Il n’y a guère que sur une seule pierre qu’achoppe encore cette féminisation de l’université : celle de la profession enseignante. Les femmes sont minoritaires dans le corps enseignant et cette sous-représentation s’accentue avec le statut. Peu d’entre elles (20 %) atteignent le grade de professeur, alors qu’au niveau des maîtres assistants elles sont presque la moitié. Le plafond de verre existe bien toujours, mais il se fissure cependant par endroits : il n’est plus exceptionnel de rencontrer des femmes dans des positions académiques de responsabilité. Et, inexorablement, leur progression dans la hiérarchie se confirme d’année en année.

L’université s’avère ainsi être une voie où s’affirme la participation sociale des femmes et donnant accès à des positions de moins en moins subalternes. Ce n’est pas là une transformation mineure, même si elle demeure plutôt discrète. Les campus sont emplis de jeunes femmes dont un nombre croissant fourniront les cadres des entreprises et des administrations de demain… lorsque le marché du travail le permettra !

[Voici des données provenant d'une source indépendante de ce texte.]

(* Let $n\ge2$, let $P$ be a partial $n$-Metric on a set $X$, and let $\{x_i\}_{i\in\mathbb{N}}$, $\{y_i\}_{i\in\mathbb{N}}$ be sequences in $X$ forming a Cauchy pair with central distance $r$. Then $\{x_i\}$ and $\{y_i\}$ are both Cauchy sequences with central distance $r$. Moreover, if $a$ is a limit (respectively, a special limit) of $\{x_i\}$, then $a$ is a limit (respectively, a special limit) of $\{y_i\}$.
   Context: Notation: $\langle a\rangle^k$ denotes the $k$-tuple $(a,\dots,a)$ inserted into an argument list. A partial $n$-Metric on $X$ is a function $P:X^n\to\mathbb{R}$ such that for all $x_1,\dots,x_n,a\in X$: (1) $P(\langle x_1\rangle^n)\le P(\langle x_1\rangle^{n-1},x_2)$; (2) $P$ is invariant under permutations of its arguments; (3) $P(\langle x_1\rangle^{n-1},x_2)=P(\langle x_1\rangle^n)$ and $P(\langle x_2\rangle^{n-1},x_1)=P(\langle x_2\rangle^n)$ iff $x_1=x_2$; (4) $P(x_1,\dots,x_n)\le P(x_1,\dots,x_{n-1},a)+P(\langle a\rangle^{n-1},x_n)-P(\langle a\rangle^n)$. Two sequences $\{x_i\},\{y_i\}$ form a Cauchy pair with central distance $r\in\mathbb{R}$ if for every $\epsilon>0$ there is $N$ such that for all $i,j>N$: $r-\epsilon<\min\{P(\langle x_i\rangle^n),P(\langle y_i\rangle^n)\}\le P(\langle x_i\rangle^{n-1},y_j)<r+\epsilon$. A sequence is Cauchy with central distance $r$ if for every $\epsilon>0$ there is $N$ with $|P(x_{i_1},\dots,x_{i_n})-r|<\epsilon$ for all $i_1,\dots,i_n>N$. A point $a$ is a limit of $\{x_i\}$ iff for every $\epsilon>0$ there is $N$ with $P(\langle a\rangle^{n-1},x_i)-P(\langle a\rangle^n)<\epsilon$ for all $i>N$; a special limit of a Cauchy sequence with central distance $r$ is a limit $a$ with $P(\langle a\rangle^n)=r$. *)

From Stdlib Require Import Reals List Permutation.
Open Scope R_scope.

(* A function P : X^n -> R is represented as P : list X -> R, only ever
   evaluated on lists of length n. <a>^k is [repeat a k]. *)

Definition partial_nMetric {X : Type} (n : nat) (P : list X -> R) : Prop :=
  (forall x1 x2 : X,
      P (repeat x1 n) <= P (repeat x1 (n - 1) ++ x2 :: nil)) /\
  (forall l l' : list X, length l = n -> Permutation l l' -> P l = P l') /\
  (forall x1 x2 : X,
      (P (repeat x1 (n - 1) ++ x2 :: nil) = P (repeat x1 n) /\
       P (repeat x2 (n - 1) ++ x1 :: nil) = P (repeat x2 n)) <-> x1 = x2) /\
  (forall (l : list X) (xn a : X), length l = (n - 1)%nat ->
      P (l ++ xn :: nil) <=
      P (l ++ a :: nil) + P (repeat a (n - 1) ++ xn :: nil) - P (repeat a n)).

Definition cauchy_pair {X : Type} (n : nat) (P : list X -> R)
    (x y : nat -> X) (r : R) : Prop :=
  forall eps : R, eps > 0 -> exists N : nat, forall i j : nat,
    (i > N)%nat -> (j > N)%nat ->
    r - eps < Rmin (P (repeat (x i) n)) (P (repeat (y i) n)) /\
    Rmin (P (repeat (x i) n)) (P (repeat (y i) n))
      <= P (repeat (x i) (n - 1) ++ y j :: nil) /\
    P (repeat (x i) (n - 1) ++ y j :: nil) < r + eps.

(* Cauchy sequence with central distance r: for indices i_1..i_n > N,
   given as f 0, ..., f (n-1). *)
Definition cauchy_seq {X : Type} (n : nat) (P : list X -> R)
    (x : nat -> X) (r : R) : Prop :=
  forall eps : R, eps > 0 -> exists N : nat, forall f : nat -> nat,
    (forall k, (k < n)%nat -> (f k > N)%nat) ->
    Rabs (P (map (fun k => x (f k)) (seq 0 n)) - r) < eps.

Definition is_limit {X : Type} (n : nat) (P : list X -> R)
    (x : nat -> X) (a : X) : Prop :=
  forall eps : R, eps > 0 -> exists N : nat, forall i : nat, (i > N)%nat ->
    P (repeat a (n - 1) ++ x i :: nil) - P (repeat a n) < eps.

Definition is_special_limit {X : Type} (n : nat) (P : list X -> R)
    (x : nat -> X) (r : R) (a : X) : Prop :=
  is_limit n P x a /\ P (repeat a n) = r.

(* Write [excess a b] for [P(a,...,a,b) - P(a,...,a)], the analogue of
   [p(a,b) - p(a,a)] for partial metrics. Axioms (1) and (4) make it a
   nonnegative quasi-distance satisfying the triangle inequality, and (2) with
   (4) show that replacing one argument [a] of [P] by [b] raises [P] by at most
   [excess a b]. Swapping arguments one at a time then compares [P] on any
   n-tuple with [P] on a constant tuple. For a Cauchy pair, the defining
   inequalities give [excess (x i) (y j)] small and, via the comparison,
   [excess (y j) (x i)] small as well, with all diagonal values close to [r];
   the triangle inequality through a fixed [y m] (resp. [x m]) then makes each
   sequence Cauchy on its own, and through [x j] transfers limits from [x] to
   [y]. *)
From Stdlib Require Import Reals List Permutation.
From Stdlib Require Import Lia Lra.
Open Scope R_scope.

Section ExcessOfPartialMetric.

Variables (X : Type) (n : nat) (P : list X -> R).
Hypothesis n_gt0 : (0 < n)%nat.
Hypothesis HP : partial_nMetric n P.

Definition excess (a b : X) : R :=
  P (repeat a (n - 1) ++ b :: nil) - P (repeat a n).

Lemma excess_ge0 (a b : X) : 0 <= excess a b.
Proof. destruct HP as [Hdiag _]. unfold excess. specialize (Hdiag a b). lra. Qed.

Lemma excess_triangle (a b c : X) : excess a c <= excess a b + excess b c.
Proof.
  destruct HP as [_ [_ [_ Htri]]]. unfold excess.
  specialize (Htri (repeat a (n - 1)) c b (repeat_length _ _)). lra.
Qed.

Lemma P_replace_le (u v : list X) (a b : X) :
  (length u + length v = n - 1)%nat ->
  P (u ++ b :: v) <= P (u ++ a :: v) + excess a b.
Proof.
  intros Hlen. destruct HP as [_ [Hperm [_ Htri]]].
  assert (Hlast : forall z, P (u ++ z :: v) = P ((u ++ v) ++ z :: nil)).
  { intros z. apply Hperm.
    - rewrite length_app; simpl; lia.
    - eapply Permutation_trans.
      + apply Permutation_sym, Permutation_middle.
      + apply Permutation_cons_append. }
  rewrite !Hlast. unfold excess.
  specialize (Htri (u ++ v) b a). rewrite length_app in Htri.
  specialize (Htri Hlen). lra.
Qed.

Lemma repeat_app_cons (m : X) (k : nat) (u : list X) :
  repeat m k ++ m :: u = repeat m (S k) ++ u.
Proof. induction k as [|k IH]; simpl; [reflexivity | now rewrite IH]. Qed.

Lemma P_repeat_app_le (m : X) (D : R) (u : list X) (k : nat) :
  (k + length u = n)%nat -> Forall (fun s => excess m s <= D) u ->
  P (repeat m k ++ u) <= P (repeat m n) + INR (length u) * D.
Proof.
  revert k. induction u as [|s u IH]; intros k Hlen Hu.
  - simpl in *. rewrite app_nil_r. replace k with n by lia. lra.
  - inversion Hu as [|? ? Hs Hu']; subst. simpl in Hlen. simpl length. rewrite S_INR.
    pose proof (P_replace_le (repeat m k) u m s) as Hrepl.
    rewrite repeat_length, repeat_app_cons in Hrepl.
    specialize (Hrepl ltac:(lia)).
    specialize (IH (S k) ltac:(lia) Hu'). lra.
Qed.

Lemma P_repeat_app_ge (m : X) (D : R) (u : list X) (k : nat) :
  (k + length u = n)%nat -> Forall (fun s => excess s m <= D) u ->
  P (repeat m n) <= P (repeat m k ++ u) + INR (length u) * D.
Proof.
  revert k. induction u as [|s u IH]; intros k Hlen Hu.
  - simpl in *. rewrite app_nil_r. replace k with n by lia. lra.
  - inversion Hu as [|? ? Hs Hu']; subst. simpl in Hlen. simpl length. rewrite S_INR.
    pose proof (P_replace_le (repeat m k) u s m) as Hrepl.
    rewrite repeat_length, repeat_app_cons in Hrepl.
    specialize (Hrepl ltac:(lia)).
    specialize (IH (S k) ltac:(lia) Hu'). lra.
Qed.

Lemma P_near_repeat (m : X) (D : R) (u : list X) :
  length u = n ->
  (forall s, In s u -> excess m s <= D /\ excess s m <= D) ->
  Rabs (P u - P (repeat m n)) <= INR n * D.
Proof.
  intros Hlen Hu.
  pose proof (P_repeat_app_le m D u 0 ltac:(lia)) as Hle.
  pose proof (P_repeat_app_ge m D u 0 ltac:(lia)) as Hge.
  simpl in Hle, Hge. rewrite Hlen in Hle, Hge.
  apply Rabs_le. split.
  - enough (P (repeat m n) <= P u + INR n * D) by lra.
    apply Hge, Forall_forall. intros s Hs. apply (Hu s Hs).
  - enough (P u <= P (repeat m n) + INR n * D) by lra.
    apply Hle, Forall_forall. intros s Hs. apply (Hu s Hs).
Qed.

Lemma P_reverse_le (a b : X) :
  P (repeat b (n - 1) ++ a :: nil) <= P (repeat a n) + INR n * excess a b.
Proof.
  destruct HP as [_ [Hperm _]].
  rewrite (Hperm _ (repeat a 1 ++ repeat b (n - 1))).
  - eapply Rle_trans.
    + apply (P_repeat_app_le a (excess a b) (repeat b (n - 1)) 1).
      * rewrite repeat_length; lia.
      * apply Forall_forall. intros s Hs. apply repeat_spec in Hs. subst. lra.
    + rewrite repeat_length. apply Rplus_le_compat_l, Rmult_le_compat_r.
      * apply excess_ge0.
      * apply le_INR. lia.
  - rewrite length_app, repeat_length. simpl. lia.
  - simpl. apply Permutation_sym, Permutation_cons_append.
Qed.

Lemma excess_bounds (r e : R) (a b : X) :
  r - e < P (repeat a n) -> r - e < P (repeat b n) ->
  P (repeat a (n - 1) ++ b :: nil) < r + e ->
  excess a b < 2 * e /\ excess b a < (2 * INR n + 2) * e /\
  Rabs (P (repeat a n) - r) < e /\
  Rabs (P (repeat b n) - r) < (2 * INR n + 1) * e.
Proof.
  intros Ha Hb Hab.
  pose proof (excess_ge0 a b) as Hab0. pose proof (excess_ge0 b a) as Hba0.
  pose proof (P_reverse_le a b) as Hrev. pose proof (pos_INR n) as Hn0.
  unfold excess in *.
  assert (Hsmall : INR n * (P (repeat a (n - 1) ++ b :: nil) - P (repeat a n))
                   <= INR n * (2 * e)) by (apply Rmult_le_compat_l; lra).
  assert (Hne : 0 <= INR n * e) by (apply Rmult_le_pos; lra).
  repeat split; try apply Rabs_def1; lra.
Qed.

Definition mutually_close (z w : nat -> X) (r : R) : Prop :=
  forall e, e > 0 -> exists N : nat, forall i j, (i > N)%nat -> (j > N)%nat ->
    excess (z i) (w j) < e /\ excess (w j) (z i) < e /\
    Rabs (P (repeat (z i) n) - r) < e /\ Rabs (P (repeat (w j) n) - r) < e.

Definition excess_cauchy (z : nat -> X) (r : R) : Prop :=
  forall e, e > 0 -> exists N : nat, forall i j, (i > N)%nat -> (j > N)%nat ->
    excess (z i) (z j) < e /\ Rabs (P (repeat (z i) n) - r) < e.

Lemma cauchy_pair_mutually_close (x y : nat -> X) (r : R) :
  cauchy_pair n P x y r -> mutually_close x y r.
Proof.
  intros Hpair e He.
  pose proof (pos_INR n) as Hn0.
  set (e' := e / (2 * INR n + 2)).
  assert (He' : 0 < e') by (unfold e'; apply Rdiv_lt_0_compat; lra).
  assert (Hscale : (2 * INR n + 2) * e' = e) by (unfold e'; field; lra).
  destruct (Hpair e' He') as [N HN]. exists N. intros i j Hi Hj.
  destruct (HN i j Hi Hj) as [Hmin_i [_ Hxy]].
  destruct (HN j j Hj Hj) as [Hmin_j _].
  pose proof (Rmin_l (P (repeat (x i) n)) (P (repeat (y i) n))).
  pose proof (Rmin_r (P (repeat (x j) n)) (P (repeat (y j) n))).
  destruct (excess_bounds r e' (x i) (y j)) as [H1 [H2 [H3 H4]]]; try lra.
  repeat split; nra.
Qed.

Lemma mutually_close_sym (z w : nat -> X) (r : R) :
  mutually_close z w r -> mutually_close w z r.
Proof.
  intros Hzw e He. destruct (Hzw e He) as [N HN]. exists N.
  intros i j Hi Hj. destruct (HN j i Hj Hi) as [H1 [H2 [H3 H4]]]. auto.
Qed.

Lemma excess_cauchy_of_mutually_close (z w : nat -> X) (r : R) :
  mutually_close z w r -> excess_cauchy z r.
Proof.
  intros Hzw e He. destruct (Hzw (e / 2) ltac:(lra)) as [N HN]. exists N.
  intros i j Hi Hj.
  destruct (HN i (S N) Hi ltac:(lia)) as [Hzi_w [_ [Hzi _]]].
  destruct (HN j (S N) Hj ltac:(lia)) as [_ [Hw_zj _]].
  pose proof (excess_triangle (z i) (w (S N)) (z j)). split; lra.
Qed.

Lemma cauchy_seq_of_excess_cauchy (z : nat -> X) (r : R) :
  excess_cauchy z r -> cauchy_seq n P z r.
Proof.
  intros Hz eps Heps. pose proof (pos_INR n) as Hn0.
  set (e := eps / (INR n + 1)).
  assert (He : 0 < e) by (unfold e; apply Rdiv_lt_0_compat; lra).
  assert (Hscale : (INR n + 1) * e = eps) by (unfold e; field; lra).
  destruct (Hz e He) as [N HN]. exists N. intros f Hf.
  set (u := map (fun k => z (f k)) (seq 0 n)).
  assert (Hnear : Rabs (P u - P (repeat (z (S N)) n)) <= INR n * e).
  { apply P_near_repeat.
    - unfold u. now rewrite length_map, length_seq.
    - intros s Hs. unfold u in Hs. apply in_map_iff in Hs as [k [<- Hk]].
      apply in_seq in Hk. assert (Hfk : (f k > N)%nat) by (apply Hf; lia).
      split; left; apply HN; lia. }
  destruct (HN (S N) (S N) ltac:(lia) ltac:(lia)) as [_ Hdiag].
  pose proof (Rabs_triang (P u - P (repeat (z (S N)) n))
                          (P (repeat (z (S N)) n) - r)) as Htri.
  replace (P u - P (repeat (z (S N)) n) + (P (repeat (z (S N)) n) - r))
    with (P u - r) in Htri by ring.
  fold u. lra.
Qed.

Lemma is_limit_of_mutually_close (z w : nat -> X) (r : R) (a : X) :
  mutually_close z w r -> is_limit n P z a -> is_limit n P w a.
Proof.
  intros Hzw Ha eps Heps.
  destruct (Hzw (eps / 2) ltac:(lra)) as [N HN].
  destruct (Ha (eps / 2) ltac:(lra)) as [Na HNa].
  exists N. intros i Hi.
  set (j := S (Nat.max N Na)).
  destruct (HN j i ltac:(lia) Hi) as [Hzw_ji _].
  specialize (HNa j ltac:(lia)).
  pose proof (excess_triangle a (z j) (w i)).
  unfold excess in *. lra.
Qed.

End ExcessOfPartialMetric.

Theorem lemma4p19 (X : Type) (n : nat) (P : list X -> R)
    (x y : nat -> X) (r : R) :
  (2 <= n)%nat ->
  partial_nMetric n P ->
  cauchy_pair n P x y r ->
  cauchy_seq n P x r /\ cauchy_seq n P y r /\
  (forall a : X, is_limit n P x a -> is_limit n P y a) /\
  (forall a : X, is_special_limit n P x r a -> is_special_limit n P y r a).
Proof.
  intros Hn HP Hpair.
  assert (Hn0 : (0 < n)%nat) by lia.
  pose proof (cauchy_pair_mutually_close X n P Hn0 HP x y r Hpair) as Hxy.
  pose proof (mutually_close_sym X n P x y r Hxy) as Hyx.
  assert (Hlim : forall a, is_limit n P x a -> is_limit n P y a)
    by (intros a; exact (is_limit_of_mutually_close X n P Hn0 HP x y r a Hxy)).
  split; [|split; [|split]].
  - exact (cauchy_seq_of_excess_cauchy X n P Hn0 HP x r
             (excess_cauchy_of_mutually_close X n P Hn0 HP x y r Hxy)).
  - exact (cauchy_seq_of_excess_cauchy X n P Hn0 HP y r
             (excess_cauchy_of_mutually_close X n P Hn0 HP y x r Hyx)).
  - exact Hlim.
  - intros a [Ha Hr]. split; [exact (Hlim a Ha) | exact Hr].
Qed.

La question centrale de l’emploi

Or, en ce moment, ce dernier est extrêmement limité dans les débouchés qu’il offre à cette population jeune et aux expectatives accrues par leurs qualifications formelles. Le chômage déclaré est très important, plus encore que dans la plupart des pays voisins, en développement ou émergents (graphique 3). Et en Algérie, mais pas seulement, c’est particulièrement le cas des jeunes femmes – ce qui explique, entre autres, leur mobilisation très active dans les contestations actuelles du modèle en place.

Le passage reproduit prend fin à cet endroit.